Exercise goal » Print the whole listing, keeping every line exactly as given.

Input for this task »
Lemma sqnorm2_mul_phi1N N x1 x2 :
  sqnorm2 x1 x2 * phi1N N x1 x2 =
  sum_f_R0 (fun l => sum_f_R0 (fun i =>
    / PI * INR N ^ l / INR (fact l) * Binomial.C (S l) i *
    gauss_moment_fun (INR N) i x1 * gauss_moment_fun (INR N) (S l - i) x2) (S l)) (N - 1).
Proof.
  unfold phi1N. set (a := INR N). set (q := sqnorm2 x1 x2).
  rewrite !Rmult_assoc, !scal_sum. apply sum_eq. intros l _.
  transitivity (/ PI * a ^ l / INR (fact l) *
                (exp (- (a * x1 ^ 2)) * exp (- (a * x2 ^ 2))) * q ^ S l).
  { rewrite <- exp_plus, Rpow_mult_distr.
    replace (- (a * x1 ^ 2) + - (a * x2 ^ 2)) with (- a * q) by (unfold q, sqnorm2; ring).
    simpl (q ^ S l). field. split; [apply PI_neq0 | apply INR_fact_neq_0]. }
  unfold q, sqnorm2. rewrite binomial, scal_sum. apply sum_eq. intros i _.
  unfold gauss_moment_fun, gauss. rewrite !pow_mult. ring.
Qed.

Lemma sum_f_R0_INR_S n : sum_f_R0 (fun l => INR (S l)) n = (INR n + 1) * (INR n + 2) / 2.
Proof.
  induction n as [|n IHn]; [simpl; field|].
  rewrite tech5, IHn, !S_INR. field.
Qed.

Lemma integral_R2_sqnorm2_phi1N N : (1 <= N)%nat ->
  integral_R2 (fun x1 x2 => sqnorm2 x1 x2 * phi1N N x1 x2) ((INR N + 1) / (2 * INR N)).
Proof.
  intros HN. set (a := INR N).
  assert (Ha : 0 < a) by (apply lt_0_INR; lia).
  set (c := fun l i => / PI * a ^ l / INR (fact l) * Binomial.C (S l) i).
  replace ((a + 1) / (2 * a)) with (sum_f_R0 (fun l => sum_f_R0 (fun i =>
      c l i * gauss_moment a i * gauss_moment a (S l - i)) (S l)) (N - 1)).
  - apply (integral_R2_double_sum_prod _ (N - 1) S c
             (fun _ i => gauss_moment_fun a i) (fun l i => gauss_moment_fun a (S l - i))).
    + apply sqnorm2_mul_phi1N.
    + intros; apply is_improper_RInt_gauss_moment_fun, Ha.
    + intros; apply is_improper_RInt_gauss_moment_fun, Ha.
  - transitivity (sum_f_R0 (fun l => INR (S l) / (a * a)) (N - 1)).
    + apply sum_eq. intros l _. unfold c.
      transitivity (/ PI * a ^ l / INR (fact l) * sum_f_R0 (fun i =>
        Binomial.C (S l) i * gauss_moment a i * gauss_moment a (S l - i)) (S l)).
      { rewrite scal_sum. apply sum_eq. intros. ring. }
      rewrite sum_binomial_gauss_moment by exact Ha.
      rewrite fact_simpl, mult_INR. simpl (a ^ S l).
      assert (a ^ l <> 0) by (apply pow_nonzero; lra).
      pose proof (INR_fact_neq_0 l). pose proof PI_neq0.
      field. repeat split; auto; lra.
    + unfold Rdiv at 1. rewrite <- scal_sum, Rmult_comm, sum_f_R0_INR_S.
      replace (INR (N - 1)) with (a - 1) by (unfold a; rewrite minus_INR by lia; simpl; ring).
      field. lra.
Qed.

Theorem mainTheorem14 (N : nat) (HN : (2 <= N)%nat) :
  log_concave2 (phi1N N) /\
  integral_R2 (fun x1 x2 => sqnorm2 x1 x2 * phi1N N x1 x2)
              ((INR N + 1) / (2 * INR N)).
Proof.
  split.
  - apply log_concave2_phi1N.
  - apply integral_R2_sqnorm2_phi1N. lia.
Qed.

Response to the exercise »
Lemma sqnorm2_mul_phi1N N x1 x2 :
  sqnorm2 x1 x2 * phi1N N x1 x2 =
  sum_f_R0 (fun l => sum_f_R0 (fun i =>
    / PI * INR N ^ l / INR (fact l) * Binomial.C (S l) i *
    gauss_moment_fun (INR N) i x1 * gauss_moment_fun (INR N) (S l - i) x2) (S l)) (N - 1).
Proof.
  unfold phi1N. set (a := INR N). set (q := sqnorm2 x1 x2).
  rewrite !Rmult_assoc, !scal_sum. apply sum_eq. intros l _.
  transitivity (/ PI * a ^ l / INR (fact l) *
                (exp (- (a * x1 ^ 2)) * exp (- (a * x2 ^ 2))) * q ^ S l).
  { rewrite <- exp_plus, Rpow_mult_distr.
    replace (- (a * x1 ^ 2) + - (a * x2 ^ 2)) with (- a * q) by (unfold q, sqnorm2; ring).
    simpl (q ^ S l). field. split; [apply PI_neq0 | apply INR_fact_neq_0]. }
  unfold q, sqnorm2. rewrite binomial, scal_sum. apply sum_eq. intros i _.
  unfold gauss_moment_fun, gauss. rewrite !pow_mult. ring.
Qed.

Lemma sum_f_R0_INR_S n : sum_f_R0 (fun l => INR (S l)) n = (INR n + 1) * (INR n + 2) / 2.
Proof.
  induction n as [|n IHn]; [simpl; field|].
  rewrite tech5, IHn, !S_INR. field.
Qed.

Lemma integral_R2_sqnorm2_phi1N N : (1 <= N)%nat ->
  integral_R2 (fun x1 x2 => sqnorm2 x1 x2 * phi1N N x1 x2) ((INR N + 1) / (2 * INR N)).
Proof.
  intros HN. set (a := INR N).
  assert (Ha : 0 < a) by (apply lt_0_INR; lia).
  set (c := fun l i => / PI * a ^ l / INR (fact l) * Binomial.C (S l) i).
  replace ((a + 1) / (2 * a)) with (sum_f_R0 (fun l => sum_f_R0 (fun i =>
      c l i * gauss_moment a i * gauss_moment a (S l - i)) (S l)) (N - 1)).
  - apply (integral_R2_double_sum_prod _ (N - 1) S c
             (fun _ i => gauss_moment_fun a i) (fun l i => gauss_moment_fun a (S l - i))).
    + apply sqnorm2_mul_phi1N.
    + intros; apply is_improper_RInt_gauss_moment_fun, Ha.
    + intros; apply is_improper_RInt_gauss_moment_fun, Ha.
  - transitivity (sum_f_R0 (fun l => INR (S l) / (a * a)) (N - 1)).
    + apply sum_eq. intros l _. unfold c.
      transitivity (/ PI * a ^ l / INR (fact l) * sum_f_R0 (fun i =>
        Binomial.C (S l) i * gauss_moment a i * gauss_moment a (S l - i)) (S l)).
      { rewrite scal_sum. apply sum_eq. intros. ring. }
      rewrite sum_binomial_gauss_moment by exact Ha.
      rewrite fact_simpl, mult_INR. simpl (a ^ S l).
      assert (a ^ l <> 0) by (apply pow_nonzero; lra).
      pose proof (INR_fact_neq_0 l). pose proof PI_neq0.
      field. repeat split; auto; lra.
    + unfold Rdiv at 1. rewrite <- scal_sum, Rmult_comm, sum_f_R0_INR_S.
      replace (INR (N - 1)) with (a - 1) by (unfold a; rewrite minus_INR by lia; simpl; ring).
      field. lra.
Qed.

Theorem mainTheorem14 (N : nat) (HN : (2 <= N)%nat) :
  log_concave2 (phi1N N) /\
  integral_R2 (fun x1 x2 => sqnorm2 x1 x2 * phi1N N x1 x2)
              ((INR N + 1) / (2 * INR N)).
Proof.
  split.
  - apply log_concave2_phi1N.
  - apply integral_R2_sqnorm2_phi1N. lia.
Qed.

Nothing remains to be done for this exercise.